Fiona Hyslop, the Cabinet Secretary for Education and Lifelong Learning told a leadership conference in Edinburgh last week that if there are "issues like job-sizing, functions and structures, they can be dealt with". However, the key problem to be tackled was the climate in schools, she told the annual conference of Scottish Educational Leadership Management and Administration Society.
She plans to publish a document by the end of the year on Scotland's educational leadership agenda where schools and authorities are, where they should aim to be, and how to move there.
Support for her plans to improve educational leadership came from an unexpected quarter Ewan Aitken, former Labour leader of Edinburgh City Council and the former education convener of Cosla.
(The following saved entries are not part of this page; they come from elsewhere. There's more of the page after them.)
(* A point [P I0 + (s edge1 + t edge2) / tri_det] of the closed triangle [P I0, P I1, P I2]
   other than its vertices lies strictly above [a]. *)
Lemma no_lattice_point_in_touching_triangle w s t : L w ->
  (forall i, (tri_det * (zc i w - zc i (P I0)) = s * zc i edge1 + t * zc i edge2)%Z) ->
  (0 <= s)%Z -> (0 <= t)%Z -> (s + t <= tri_det)%Z -> (0 < s \/ 0 < t)%Z ->
  (s + t < tri_det \/ (0 < s /\ 0 < t))%Z -> False.
Proof.
  intros Lw Hw H1 H2 H3 H4 H5.
  destruct (Ea w Lw) as [i Hi].
  pose proof tri_det_pos; pose proof touching_coords as F.
  specialize (Hw i); unfold edge1, edge2 in Hw; zcoords.
  destruct F as [F1 [F2 [F3 [F4 [F5 [F6 [F7 [F8 [F9 _]]]]]]]]].
  destruct i; simpl in *.
  - assert (tri_det * (zc I0 w - zc I0 a) > 0)%Z by nia; nia.
  - assert (tri_det * (zc I1 w - zc I1 a) > 0)%Z by nia; nia.
  - assert (tri_det * (zc I2 w - zc I2 a) > 0)%Z by nia; nia.
Qed.

Definition cramer1 (q : zpt) : Z :=
  ((zc I0 q - zc I0 (P I0)) * zc I1 edge2 - (zc I1 q - zc I1 (P I0)) * zc I0 edge2)%Z.
Definition cramer2 (q : zpt) : Z :=
  (zc I0 edge1 * (zc I1 q - zc I1 (P I0)) - zc I1 edge1 * (zc I0 q - zc I0 (P I0)))%Z.

Lemma cramer_rule q : inA2 q -> forall i,
  (tri_det * (zc i q - zc i (P I0)) = cramer1 q * zc i edge1 + cramer2 q * zc i edge2)%Z.
Proof.
  intros Sq i; pose proof touching_coords as F.
  destruct F as [_ [_ [_ [_ [_ [_ [_ [_ [_ [S0 [S1 S2]]]]]]]]]]].
  unfold cramer1, cramer2, tri_det, edge1, edge2; zcoords.
  destruct i; simpl; try ring.
  unfold inA2 in Sq; simpl in *.
  replace (zc2 q) with (- zc0 q - zc1 q)%Z by lia.
  replace (zc2 (P I0)) with (- zc0 (P I0) - zc1 (P I0))%Z by lia.
  replace (zc2 (P I1)) with (- zc0 (P I1) - zc1 (P I1))%Z by lia.
  replace (zc2 (P I2)) with (- zc0 (P I2) - zc1 (P I2))%Z by lia.
  ring.
Qed.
He told the conference that leadership in education was too important for party politics.
"In the spirit of consensus politics, if Fiona Hyslop is prepared to really focus on the leadership agenda and pathways to build leadership capacity in all staff, I will do everything I can to support her privately, publicly and politically to make that happen."
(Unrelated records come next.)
(* Let $g\ge 1$ be an integer and let $t\in\mathbb{C}$ with $t\neq 0$ and $t\neq -1$. Define the polynomials \[j(x)=\sum_{i=0}^{g-1}\binom{2g-1}{2i}(x+1)^i,\qquad k(x)=\sum_{i=0}^{g-1}\binom{2g-1}{2i+1}(x+1)^i .\] Let $C_t$ be the curve $y^2=x(x+1)\bigl(x^{2g-1}+t\,j(x)^2\bigr)$, which is a curve of genus $g$, and let $E_t$ be the elliptic curve $y^2=x(x+1)(x+t)$. Then the map $f:C_t\to E_t$ given by \[(x,y)\mapsto\bigl(f_1(x),\,f_2(x)\,y\bigr),\qquad f_1(x)=\frac{x^{2g-1}}{j(x)^2},\qquad f_2(x)=\frac{x^{g-1}\,k(x)}{j(x)^3},\] is a well-defined morphism of degree $2g-1$ which is totally ramified above the point $(0,0)\in E_t$ and unramified everywhere else.
   Context: Curves are over $\mathbb{C}$; an affine equation such as $y^2=h(x)$ denotes the smooth projective curve (hyperelliptic, respectively elliptic) it defines, and a morphism given by a rational formula on the affine model means its extension to these smooth projective models. ''Totally ramified above a point $P$'' means the preimage of $P$ consists of a single point (with ramification index equal to the degree). *)

(* the complex numbers are R[i] (mathcomp-real-closed's
   'complex') for an arbitrary R : realType (every realType is isomorphic to
   the reals, so R[i] is isomorphic to C). *)
From mathcomp Require Import all_boot all_algebra all_field.
From mathcomp Require Import complex.
From mathcomp Require Import reals.
Set Implicit Arguments. Unset Strict Implicit. Unset Printing Implicit Defensive.
Import GRing.Theory Num.Theory.
Local Open Scope ring_scope.

Section Defs.
Variable F : fieldType.

(* Points of the smooth projective model of  y^2 = h(x)  when h is squarefree
   of ODD degree: the affine solutions (Some (x,y)) plus the unique point at
   infinity (None). *)
Definition pt := option (F * F).

Definition on_hyp (h : {poly F}) (P : pt) : Prop :=
  match P with
  | None => True
  | Some (x, y) => y ^+ 2 = h.[x]
  end.

Definition fiber_card (onC : pt -> Prop) (phi : pt -> pt) (Q : pt) (n : nat)
  : Prop :=
  exists s : seq pt, [/\ uniq s, size s = n &
     forall P, (P \in s) <-> (onC P /\ phi P = Q)].

(* phi : C -> E has degree d: all but finitely many points of E have
   exactly d preimages (over C, characteristic 0). *)
Definition has_degree (onC onE : pt -> Prop) (phi : pt -> pt) (d : nat)
  : Prop :=
  exists S : seq pt, forall Q, onE Q -> Q \notin S -> fiber_card onC phi Q d.

Definition totally_ramified_above (onC : pt -> Prop) (phi : pt -> pt) (Q : pt)
  : Prop := fiber_card onC phi Q 1.

Definition unramified_above (onC : pt -> Prop) (phi : pt -> pt) (d : nat)
  (Q : pt) : Prop := fiber_card onC phi Q d.

Definition jpol (g : nat) : {poly F} :=
  \sum_(i < g) (('C(2 * g - 1, 2 * i))%:R *: ('X + 1) ^+ i).
Definition kpol (g : nat) : {poly F} :=
  \sum_(i < g) (('C(2 * g - 1, 2 * i + 1))%:R *: ('X + 1) ^+ i).

Definition hC (g : nat) (t : F) : {poly F} :=
  'X * ('X + 1) * ('X ^+ (2 * g - 1) + t%:P * jpol g ^+ 2).
Definition hE (t : F) : {poly F} := 'X * ('X + 1) * ('X + t%:P).

(* The map f on points of the smooth projective models, i.e. the extension
   of (x,y) |-> (x^(2g-1)/j(x)^2, x^(g-1) k(x)/j(x)^3 * y):
   - at affine points with j(x) <> 0, it is given by the formula;
   - at affine points with j(x) = 0, f_1 has a pole (the numerator x^(2g-1)
     does not vanish there since j(0) = 2^(2g-2) <> 0), so the image is the
     point at infinity of E;
   - the point at infinity of C goes to infinity, since f_1 has a pole there
     (deg x^(2g-1) = 2g-1 > 2g-2 = deg j^2). *)
Definition fmap (g : nat) (P : pt) : pt :=
  match P with
  | None => None
  | Some (x, y) =>
      let jx := (jpol g).[x] in
      if jx == 0 then None
      else Some (x ^+ (2 * g - 1) / jx ^+ 2,
                 x ^+ (g - 1) * (kpol g).[x] / jx ^+ 3 * y)
  end.

End Defs.

From mathcomp Require Import all_boot all_algebra all_field.
From mathcomp Require Import complex.
From mathcomp Require Import reals.
From mathcomp Require Import ring zify.
Import GRing.Theory Num.Theory.
Local Open Scope ring_scope.

(* Write n = 2g - 1. Substituting x = u^2 - 1 turns j and k into the even and
   odd parts of (1 + u)^n, i.e. (1 +- u)^n = j(x) +- u k(x). Multiplying the two
   gives x^n + j(x)^2 = (x + 1) k(x)^2, hence f1 + 1 = (x + 1) k^2 / j^2 and
   f2^2 h_C(x) = h_E(f1(x)): f maps C_t to E_t. Differentiating gives
   n j - 2 x j' = n k and a companion identity, which show that j, k and
   x^n - a j^2 (a <> 0, -1) have simple roots. The fibres then have n points:
   above an affine (a, b) with a <> 0, -1 one point over each root of
   x^n - a j^2; above (-1, 0) the point (-1, 0) and two points over each of the
   g - 1 roots of k; above infinity, infinity and two points over each root
   of j; whereas above (0, 0) lies only (0, 0). *)

Lemma sum_ord_even_odd (V : nmodType) (f : nat -> V) (g : nat) :
  \sum_(i < 2 * g) f i = \sum_(i < g) f (2 * i)%N + \sum_(i < g) f (2 * i).+1.
Proof.
elim: g => [|g IHg]; first by rewrite !big_ord0 addr0.
rewrite (_ : 2 * g.+1 = (2 * g).+2)%N ?mulnS // !big_ord_recr /= IHg.
by rewrite -!addrA; congr (_ + _); rewrite addrCA.
Qed.

Section PolyX1.
Variable F : numDomainType.
Implicit Types (c : nat -> nat) (g : nat).

Definition poly_X1 c g : {poly F} := \sum_(i < g) (c i)%:R *: ('X + 1) ^+ i.

Lemma size_X1 : size ('X + 1 : {poly F}) = 2%N.
Proof. by rewrite -polyC1 size_XaddC. Qed.

Lemma size_exp_X1 g : size (('X + 1 : {poly F}) ^+ g) = g.+1.
Proof.
rewrite polySpred ?expf_neq0 -?size_poly_gt0 ?size_X1 // size_exp size_X1.
by rewrite mul1n.
Qed.

Lemma size_poly_X1_leq c g : (size (poly_X1 c g) <= g)%N.
Proof.
apply: (big_ind (fun p : {poly F} => size p <= g)%N) => [|p r|i _].
- by rewrite size_poly0.
- by move=> sp sr; rewrite (leq_trans (size_polyD _ _)) // geq_max sp sr.
- by rewrite (leq_trans (size_scale_leq _ _)) // size_exp_X1.
Qed.

Lemma size_poly_X1 c g : c g != 0%N -> size (poly_X1 c g.+1) = g.+1.
Proof.
move=> cg0; rewrite /poly_X1 big_ord_recr /= addrC.
have size_top : size ((c g)%:R *: ('X + 1) ^+ g : {poly F}) = g.+1.
  by rewrite size_scale ?size_exp_X1 ?pnatr_eq0.
by rewrite size_polyDl size_top // ltnS size_poly_X1_leq.
Qed.

Lemma horner_poly_X1_N1 c g : (poly_X1 c g.+1).[-1] = (c 0%N)%:R.
Proof.
rewrite /poly_X1 horner_sum big_ord_recl big1 => [|i _]; last first.
  by rewrite hornerZ horner_exp !hornerE addNr expr0n mulr0.
by rewrite hornerZ expr0 hornerC mulr1 addr0.
Qed.

Lemma horner_poly_X1_0 c g : (poly_X1 c g).[0] = (\sum_(i < g) c i)%:R.
Proof.
rewrite /poly_X1 horner_sum natr_sum; apply: eq_bigr => i _.
by rewrite hornerZ horner_exp !hornerE expr1n mulr1.
Qed.

Lemma poly_X1_0_neq0 c g : (0 < c 0%N)%N -> (poly_X1 c g.+1).[0] != 0.
Proof. by move=> c0; rewrite horner_poly_X1_0 pnatr_eq0 big_ord_recl -lt0n ltn_addr. Qed.

End PolyX1.

Section JpolKpol.
Variable F : numFieldType.
Variable m : nat.
Local Notation n := (2 * m).+1.
Local Notation j := (jpol F m.+1).
Local Notation k := (kpol F m.+1).
Local Notation q := ('X ^+ 2 - 1 : {poly F}).

Lemma jpolE : j = poly_X1 F (fun i => 'C(n, 2 * i)) m.+1.
Proof. by rewrite /jpol (_ : 2 * m.+1 - 1 = n)%N //; lia. Qed.

Lemma kpolE : k = poly_X1 F (fun i => 'C(n, 2 * i + 1)) m.+1.
Proof. by rewrite /kpol (_ : 2 * m.+1 - 1 = n)%N //; lia. Qed.

Lemma size_jpol : size j = m.+1.
Proof. by rewrite jpolE size_poly_X1 // binSn. Qed.

Lemma size_kpol : size k = m.+1.
Proof. by rewrite kpolE size_poly_X1 // addn1 binn. Qed.

Lemma horner_jpol_N1 : j.[-1] = 1.
Proof. by rewrite jpolE horner_poly_X1_N1 muln0 bin0. Qed.

Lemma horner_kpol_N1 : k.[-1] = n%:R.
Proof. by rewrite kpolE horner_poly_X1_N1 muln0 bin1. Qed.

Lemma horner_jpol0_neq0 : j.[0] != 0.
Proof. by rewrite jpolE poly_X1_0_neq0 // muln0 bin0. Qed.

Lemma horner_kpol0_neq0 : k.[0] != 0.
Proof. by rewrite kpolE poly_X1_0_neq0 // muln0 bin1. Qed.

Lemma comp_jpol : j \Po q = \sum_(i < m.+1) 'X ^+ (2 * i) *+ 'C(n, 2 * i).
Proof.
rewrite jpolE rmorph_sum; apply: eq_bigr => i _.
rewrite /= comp_polyZ rmorphXn /= comp_polyD comp_polyX comp_polyC subrK.
by rewrite -exprM scaler_nat.
Qed.

Lemma comp_kpol : k \Po q = \sum_(i < m.+1) 'X ^+ (2 * i) *+ 'C(n, (2 * i).+1).
Proof.
rewrite kpolE rmorph_sum; apply: eq_bigr => i _.
rewrite /= comp_polyZ rmorphXn /= comp_polyD comp_polyX comp_polyC subrK.
by rewrite -exprM scaler_nat addn1.
Qed.

Lemma size_q : size q = 3%N.
Proof. by rewrite -polyC1 size_XnsubC. Qed.

Lemma comp_q_inj (p r : {poly F}) : p \Po q = r \Po q -> p = r.
Proof.
move=> e; apply/eqP; rewrite -subr_eq0 -(comp_poly_eq0 _ (q := q)) ?size_q //.
by rewrite comp_polyB e subrr.
Qed.

Lemma exprX1n_even_odd : ('X + 1) ^+ n = j \Po q + 'X * (k \Po q).
Proof.
rewrite comp_jpol comp_kpol exprD1n (_ : n.+1 = 2 * m.+1)%N; last by lia.
rewrite (@sum_ord_even_odd _ (fun i => 'X ^+ i *+ 'C(n, i))) mulr_sumr; congr (_ + _).
by apply: eq_bigr => i _; rewrite exprS mulrnAr.
Qed.

Lemma exprNX1n_even_odd : (- 'X + 1) ^+ n = j \Po q - 'X * (k \Po q).
Proof.
rewrite comp_jpol comp_kpol exprD1n (_ : n.+1 = 2 * m.+1)%N; last by lia.
rewrite (@sum_ord_even_odd _ (fun i => (- 'X) ^+ i *+ 'C(n, i))) mulr_sumr -sumrN.
congr (_ + _); apply: eq_bigr => i _; first by rewrite exprM sqrrN -exprM.
by rewrite exprS exprM sqrrN -exprM mulNr mulrnAr mulNrn.
Qed.

Lemma exprN_odd (x : {poly F}) : (- x) ^+ n = - x ^+ n.
Proof. by rewrite exprNn -signr_odd /= oddM /= expr1 mulN1r. Qed.

Lemma norm_jpol_kpol : j ^+ 2 - ('X + 1) * k ^+ 2 = - 'X ^+ n.
Proof.
apply: comp_q_inj.
rewrite !(rmorphB, rmorphD, rmorphM, rmorphXn, rmorphN) /= comp_polyX comp_polyC subrK.
have norm_comp : (j \Po q + 'X * (k \Po q)) * (j \Po q - 'X * (k \Po q)) = - q ^+ n.
  by rewrite -exprX1n_even_odd -exprNX1n_even_odd -exprMn -exprN_odd; congr (_ ^+ _); ring.
by rewrite -norm_comp; ring.
Qed.

Lemma two_X_neq0 : (2%:R * 'X : {poly F}) != 0.
Proof. by rewrite mulf_neq0 ?polyX_eq0 // -polyC_natr polyC_eq0 pnatr_eq0. Qed.

Lemma deriv_q : q^`() = 2%:R * 'X.
Proof. by rewrite derivB derivXn derivC subr0 expr1 mulr_natl. Qed.

Lemma deriv_exprX1n :
  ('X + 1) * ((j \Po q)^`() + ('X * (k \Po q))^`())
  = n%:R * (j \Po q + 'X * (k \Po q)).
Proof.
rewrite -derivD -exprX1n_even_odd deriv_exp derivD derivX derivC addr0 mul1r.
by rewrite mulrnAr -exprS mulr_natl.
Qed.

Lemma deriv_exprNX1n :
  (- 'X + 1) * ((j \Po q)^`() - ('X * (k \Po q))^`())
  = - (n%:R * (j \Po q - 'X * (k \Po q))).
Proof.
rewrite -derivB -exprNX1n_even_odd deriv_exp derivD derivN derivX derivC addr0.
by rewrite mulN1r mulNrn mulrN mulrnAr -exprS mulr_natl.
Qed.

Lemma jpol_deriv : n%:R * j - 2%:R * 'X * j^`() = n%:R * k.
Proof.
apply: comp_q_inj; rewrite !(rmorph_nat, rmorphB, rmorphM) /= comp_polyX.
have dA := deriv_exprX1n; have dB := deriv_exprNX1n.
have dE : (j \Po q)^`() = (j^`() \Po q) * (2%:R * 'X) by rewrite deriv_comp deriv_q.
rewrite dE in dA dB.
set E := j \Po q in dA dB *; set O := k \Po q in dA dB *.
set Dj := j^`() \Po q in dA dB *; set DXO := ('X * O : {poly F})^`() in dA dB.
apply/eqP; rewrite -subr_eq0; apply/eqP; apply: (mulfI two_X_neq0); rewrite mulr0.
transitivity (('X + 1) * ((- 'X + 1) * (Dj * (2%:R * 'X) - DXO) + n%:R * (E - 'X * O))
  - ('X - 1) * (('X + 1) * (Dj * (2%:R * 'X) + DXO) - n%:R * (E + 'X * O))); first by ring.
by rewrite dA dB addNr subrr; ring.
Qed.

Lemma kpol_deriv :
  n%:R * j = ('X + 1) * (n%:R * k - 2%:R * 'X * k^`()) - 'X * k.
Proof.
apply: comp_q_inj.
rewrite !(rmorph_nat, rmorphB, rmorphD, rmorphM) /= comp_polyX rmorph1 subrK.
have dA := deriv_exprX1n; have dB := deriv_exprNX1n.
have dXO : ('X * (k \Po q))^`() = k \Po q + 'X * ((k^`() \Po q) * (2%:R * 'X)).
  by rewrite derivM derivX mul1r deriv_comp deriv_q.
set E := j \Po q in dA dB *; set O := k \Po q in dA dB dXO *.
set Dk := k^`() \Po q in dXO *; set DXO := ('X * O : {poly F})^`() in dA dB dXO.
set DE := E^`() in dA dB.
apply/eqP; rewrite -subr_eq0; apply/eqP; apply: (mulfI two_X_neq0); rewrite mulr0.
transitivity ('X * (('X - 1) * (('X + 1) * (DE + DXO) - n%:R * (E + 'X * O))
  + ('X + 1) * ((- 'X + 1) * (DE - DXO) + n%:R * (E - 'X * O)))
  - 2%:R * 'X * ('X ^+ 2 - 1) * (DXO - (O + 'X * (Dk * (2%:R * 'X))))); first by ring.
by rewrite dA dB dXO addNr !subrr; ring.
Qed.

Lemma horner_norm_jpol_kpol x : x ^+ n + j.[x] ^+ 2 = (x + 1) * k.[x] ^+ 2.
Proof.
have := congr1 (horner^~ x) norm_jpol_kpol; rewrite /= !hornerE => e.
by apply/eqP; rewrite -subr_eq0 -addrA e addrN.
Qed.

Lemma horner_jpol_deriv x : n%:R * j.[x] - 2%:R * x * j^`().[x] = n%:R * k.[x].
Proof. by have := congr1 (horner^~ x) jpol_deriv; rewrite /= -!polyC_natr !hornerE. Qed.

Lemma horner_kpol_deriv x :
  n%:R * j.[x] = (x + 1) * (n%:R * k.[x] - 2%:R * x * k^`().[x]) - x * k.[x].
Proof. by have := congr1 (horner^~ x) kpol_deriv; rewrite /= -!polyC_natr !hornerE. Qed.

Lemma jpol_kpol_no_common_root x : j.[x] = 0 -> k.[x] != 0.
Proof.
move=> jx0; apply/eqP => kx0; have := horner_norm_jpol_kpol x.
rewrite jx0 kx0 expr0n mulr0 addr0 => /eqP; rewrite expf_eq0 /= => /eqP x0.
by move: horner_jpol0_neq0; rewrite -{1}x0 jx0 eqxx.
Qed.

Lemma kpol_root_facts {x} : k.[x] = 0 ->
  [/\ x != 0, x != -1, j.[x] != 0 & x ^+ n = - j.[x] ^+ 2].
Proof.
move=> kx0; split.
- by apply/eqP => x0; move: horner_kpol0_neq0; rewrite -{1}x0 kx0 eqxx.
- by apply/eqP => x1; move: kx0; rewrite x1 horner_kpol_N1; apply/eqP; rewrite pnatr_eq0.
- by apply/eqP => /jpol_kpol_no_common_root; rewrite kx0 eqxx.
- by apply/eqP; rewrite -addr_eq0 horner_norm_jpol_kpol kx0 expr0n mulr0.
Qed.

End JpolKpol.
But she would have to rise to the challenge and "do the task", he warned. "If we can together make this work, it may be an opportunity for us to lead in more than just changing the face of education, but changing the face of political decision-making in our nation," he said.
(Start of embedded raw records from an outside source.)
(* Fix the side information Z = (W_h, W_{k+1:K}).  What the (k+1)-th retrieval
   reveals about W_{1:k} is at least what the answer of any single server n
   reveals; by privacy that server sees the same joint law of (query, answer,
   messages) as in the k-th retrieval, and since its answer is a function of
   its query and the messages, this is at least H(A_n | Q_n, Z).  Summing over
   the N servers gives H(A_{1:N} | Q_{1:N}, Z), which dominates
   I(W_{1:k}; Q^[k], A^[k] | Z) because the queries are independent of the
   messages.  The chain rule splits the latter into the term for W_{1:k-1}
   given (W_h, W_{k:K}) and I(W_k; Q^[k], A^[k] | Z) >= H(W_k | Z) - o(L) by
   reliability; finally H(W_k | Z) >= L (1 - r_k), as Z shows only the
   L r_k cached symbols of W_k, the other messages being independent of W_k.
   Every Shannon inequality used is an instance of the submodularity of
   entropy, which follows from ln x <= x - 1. *)

From HB Require Import structures.
From mathcomp Require Import all_boot all_order all_algebra.
From mathcomp Require Import reals exp.
From mathcomp Require Import ring lra zify.
From Corelib Require Import Setoid.
Import Order.TTheory GRing.Theory Num.Theory.
Local Open Scope ring_scope.

Set Implicit Arguments. Unset Strict Implicit. Unset Printing Implicit Defensive.

(** * Shannon inequalities *)

Lemma ln_le_subr1 (R : realType) (x : R) : 0 < x -> ln x <= x - 1.
Proof.
move=> x_gt0; have := @le_ln1Dx R (x - 1); rewrite addrCA subrr addr0; apply.
by rewrite ltrBrDl subrr.
Qed.

Ltac rv_partition := rewrite /pairRV ?pair_equal_spec; intuition.

Section Probability.
Variables (R : realType) (Om : finType) (p : Om -> R).
Hypothesis p_distr : is_distr p.

Lemma p_ge0 w : 0 <= p w. Proof. by case: p_distr. Qed.

Lemma sum_p : \sum_w p w = 1. Proof. by case: p_distr. Qed.

Lemma prob_predT : prob p predT = 1. Proof. exact: sum_p. Qed.

Lemma prob_ge0 E : 0 <= prob p E.
Proof. by apply: sumr_ge0 => w _; exact: p_ge0. Qed.

Lemma p_le_prob (E : pred Om) w : E w -> p w <= prob p E.
Proof.
move=> Ew; rewrite /prob (bigD1 w) //= lerDl.
by apply: sumr_ge0 => v _; exact: p_ge0.
Qed.

Lemma prob_indicator (E : pred Om) : prob p E = \sum_w p w * (E w)%:R.
Proof.
by rewrite /prob big_mkcond; apply: eq_bigr => w _; case: (E w); rewrite ?mulr1 ?mulr0.
Qed.

Definition Pr (T : eqType) (X : Om -> T) w := prob p (fun v => X v == X w).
Mrs Hyslop said the Scottish Government also planned to "liberate headteachers" from local government bureaucracy and remove much of the current ring-fencing of local government funding.
The SNP planned to put in place "outcome agreements" instead of the previous Labour-Liberal Democrat Scottish Executive's "micro-management" approach.
"A lot of what we are expecting from local government will be in early intervention and education," she said. "But we want to take off the shackles and agree with Cosla an overall funding package and then let local government get on."
As she surveyed an audience of headteachers and education authority officers, she told them bluntly that it was time to look for alternative styles of leadership.
"The leaders of tomorrow will not look like the people in this room today. Why do we have so few women in secondary head posts? Why do we have this age issue, with so many heads likely to retire in the next five to 10 years? We need to take a hard look at ourselves. Does leadership in school look like our wider society?" she asked.